(Dataset entries)
(* Let a power network have node set $V$, initial active link set $\mathcal{E}^0$, link weights $w\in\mathbb{R}_{\ge0}^{\mathcal{E}^0}$, link capacities $c\in\mathbb{R}_{\ge0}^{\mathcal{E}^0}$, initial balanced supply-demand vector $p^0\in\mathcal{B}_{\mathcal{E}^0}$ and horizon $N\ge1$. Then for every $\epsilon>0$ there exists a feasible control sequence $\tilde u=(\tilde u^0,\dots,\tilde u^{N-1})\in\mathcal{D}(\mathcal{E}^0,p^0,N)$ such that $$\mathbb{J}_N(\mathcal{E}^0,\{p^0\})\ \ge\ s^\top\tilde u^{N-1}\ \ge\ \mathbb{J}_N(\mathcal{E}^0,\{p^0\})-\epsilon.$$
   Context: Network model. The network is a finite undirected multigraph with node set $V$ and link set $\mathcal{E}^0$ (arbitrary reference orientation of links). For $\mathcal{E}\subseteq\mathcal{E}^0$, let $A$ be the node–link incidence matrix of $(V,\mathcal{E})$, $W=\mathrm{diag}(w_i)_{i\in\mathcal{E}}$, $L(\mathcal{E})=AWA^\top$ with pseudo-inverse $L^\dagger(\mathcal{E})$. $\mathcal{B}_{\mathcal{E}}=\{u\in\mathbb{R}^V:\sum_{v\in V^{(i)}}u_v=0$ for every connected component $V^{(i)}$ of $(V,\mathcal{E})\}$. For $p\in\mathcal{B}_{\mathcal{E}}$, $f(\mathcal{E},p)=WA^\top L^\dagger(\mathcal{E})p$. $s\in\{1,0,-1\}^V$ equals $1$ on supply nodes, $-1$ on demand nodes, $0$ on other nodes. $\mathrm{sign}(x)=1$ if $x\ge0$, $-1$ otherwise; $\mathrm{cube}(p)=\{u\in\mathbb{R}^V:0\le\mathrm{sign}(p_v)u_v\le|p_v|\ \forall v\}$, $\mathrm{cube}(P)=\bigcup_{p\in P}\mathrm{cube}(p)$; $U(\mathcal{E},p)=\mathrm{cube}(p)\cap\mathcal{B}_{\mathcal{E}}$, $U(\mathcal{E},P)=\mathcal{B}_{\mathcal{E}}\cap\mathrm{cube}(P)$. $\mathcal{F}_{\mathcal{E}}(\mathcal{E},u)=\{i\in\mathcal{E}:|f_i(\mathcal{E},u)|\le c_i\}$. Feasible states: $\mathcal{S}=\{(\mathcal{E},p):p\in\mathcal{B}_{\mathcal{E}},|f_i(\mathcal{E},p)|\le c_i\ \forall i\in\mathcal{E}\}$. Controlled cascade: $\mathcal{E}^{t+1}=\mathcal{F}_{\mathcal{E}}(\mathcal{E}^t,u^t)$, $p^{t+1}=u^t$, $u^t\in U(\mathcal{E}^t,p^t)$. $\mathcal{D}(\mathcal{E}^0,p^0,N)$ is the set of sequences $(u^0,\dots,u^{N-1})$ with $u^t\in U(\mathcal{E}^t,p^t)$ for $t=0,\dots,N-1$ and $(\mathcal{E}^{N-1},u^{N-1})\in\mathcal{S}$, where $(\mathcal{E}^t,p^t)$ are generated by the cascade. Aggregation: for $\beta\in\{-1,0,1\}^{\mathcal{E}}$, $U(\mathcal{E},P,\beta)=\{u\in U(\mathcal{E},P): f_i(\mathcal{E},u)<-c_i$ if $\beta_i=-1$; $|f_i(\mathcal{E},u)|\le c_i$ if $\beta_i=0$; $f_i(\mathcal{E},u)>c_i$ if $\beta_i=1\}$; $\mathbb{U}(\mathcal{E},P)$ is the collection of nonempty $U(\mathcal{E},P,\beta)$. $\mathcal{F}_{\mathcal{E}}(\mathcal{E},U)=\{i\in\mathcal{E}:|f_i(\mathcal{E},u)|\le c_i\ \forall u\in U\}$. $\mathbb{J}_1(\mathcal{E},P)=\max\{s^\top u:u\in U(\mathcal{E},\mathrm{cl}\,P),\ |f_i(\mathcal{E},u)|\le c_i\ \forall i\in\mathcal{E}\}$ and $\mathbb{J}_{t+1}(\mathcal{E},P)=\max_{U\in\mathbb{U}(\mathcal{E},P)}\mathbb{J}_t(\mathcal{F}_{\mathcal{E}}(\mathcal{E},U),U)$ for $t\in\{1,\dots,N-1\}$. *)

From HB Require Import structures.
From mathcomp Require Import all_boot all_order all_algebra.
From mathcomp Require Import all_classical all_reals all_analysis.
Set Implicit Arguments. Unset Strict Implicit. Unset Printing Implicit Defensive.
Import Order.TTheory GRing.Theory Num.Theory.
Import numFieldNormedType.Exports.
Local Open Scope classical_set_scope.
Local Open Scope ring_scope.

Definition is_MPinv (R : realType) (k : nat) (M X : 'M[R]_k) : Prop :=
  [/\ M *m X *m M = M, X *m M *m X = X, (M *m X)^T = M *m X & (X *m M)^T = X *m M].

Definition MPinv (R : realType) (k : nat) (M : 'M[R]_k) : 'M[R]_k :=
  xget 0 [set X | is_MPinv M X].

Section Network.
Variables (R : realType) (n m : nat).
(* nodes are 'I_n, links are 'I_m; link i is oriented from src i to tgt i *)
Variables (src tgt : 'I_m -> 'I_n) (w c : 'I_m -> R).

Definition incid : 'M[R]_(n, m) :=
  \matrix_(v, i) ((v == src i)%:R - (v == tgt i)%:R).

(* weight matrix restricted to the active links E (inactive links get weight 0,
   which is the same as deleting the corresponding columns of the incidence matrix) *)
Definition Wmx (E : {set 'I_m}) : 'M[R]_m :=
  diag_mx (\row_i (if i \in E then w i else 0)).

Definition Lap (E : {set 'I_m}) : 'M[R]_n := incid *m Wmx E *m incid^T.

Definition flow (E : {set 'I_m}) (p : 'cV[R]_n) : 'cV[R]_m :=
  Wmx E *m incid^T *m MPinv (Lap E) *m p.

Definition adj (E : {set 'I_m}) : rel 'I_n :=
  fun x y => [exists i in E, ((src i == x) && (tgt i == y)) || ((src i == y) && (tgt i == x))].

Definition balanced (E : {set 'I_m}) : set 'cV[R]_n :=
  [set u | forall v : 'I_n, \sum_(x | connect (adj E) v x) u x 0 = 0].

Definition sgn (x : R) : R := if 0 <= x then 1 else -1.

Definition cube (p : 'cV[R]_n) : set 'cV[R]_n :=
  [set u | forall v, 0 <= sgn (p v 0) * u v 0 <= `|p v 0|].

Definition cubeS (P : set 'cV[R]_n) : set 'cV[R]_n := \bigcup_(p in P) cube p.

Definition Up (E : {set 'I_m}) (p : 'cV[R]_n) : set 'cV[R]_n := cube p `&` balanced E.
Definition UP (E : {set 'I_m}) (P : set 'cV[R]_n) : set 'cV[R]_n := balanced E `&` cubeS P.

Definition Fu (E : {set 'I_m}) (u : 'cV[R]_n) : {set 'I_m} :=
  [set i in E | `|flow E u i 0| <= c i].

Definition line_ok (E : {set 'I_m}) (u : 'cV[R]_n) : Prop :=
  forall i, i \in E -> `|flow E u i 0| <= c i.

Definition feasible (E : {set 'I_m}) (p : 'cV[R]_n) : Prop :=
  balanced E p /\ line_ok E p.

Fixpoint Eseq (E0 : {set 'I_m}) (u : nat -> 'cV[R]_n) (t : nat) : {set 'I_m} :=
  match t with
  | 0 => E0
  | t'.+1 => Fu (Eseq E0 u t') (u t')
  end.

Definition pseq (p0 : 'cV[R]_n) (u : nat -> 'cV[R]_n) (t : nat) : 'cV[R]_n :=
  match t with
  | 0 => p0
  | t'.+1 => u t'
  end.

(* u in D(E0,p0,N) (only u 0, ..., u (N-1) matter) *)
Definition inD (E0 : {set 'I_m}) (p0 : 'cV[R]_n) (N : nat) (u : nat -> 'cV[R]_n) : Prop :=
  (forall t, (t < N)%N -> Up (Eseq E0 u t) (pseq p0 u t) (u t)) /\
  feasible (Eseq E0 u N.-1) (u N.-1).

Inductive tri := Neg | Zer | Pos.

The task:
Only the lines with "Eseq" are needed; find them in the records and copy each one.

Exercise answer:
Fixpoint Eseq (E0 : {set 'I_m}) (u : nat -> 'cV[R]_n) (t : nat) : {set 'I_m} :=
  | t'.+1 => Fu (Eseq E0 u t') (u t')
  (forall t, (t < N)%N -> Up (Eseq E0 u t) (pseq p0 u t) (u t)) /\
  feasible (Eseq E0 u N.-1) (u N.-1).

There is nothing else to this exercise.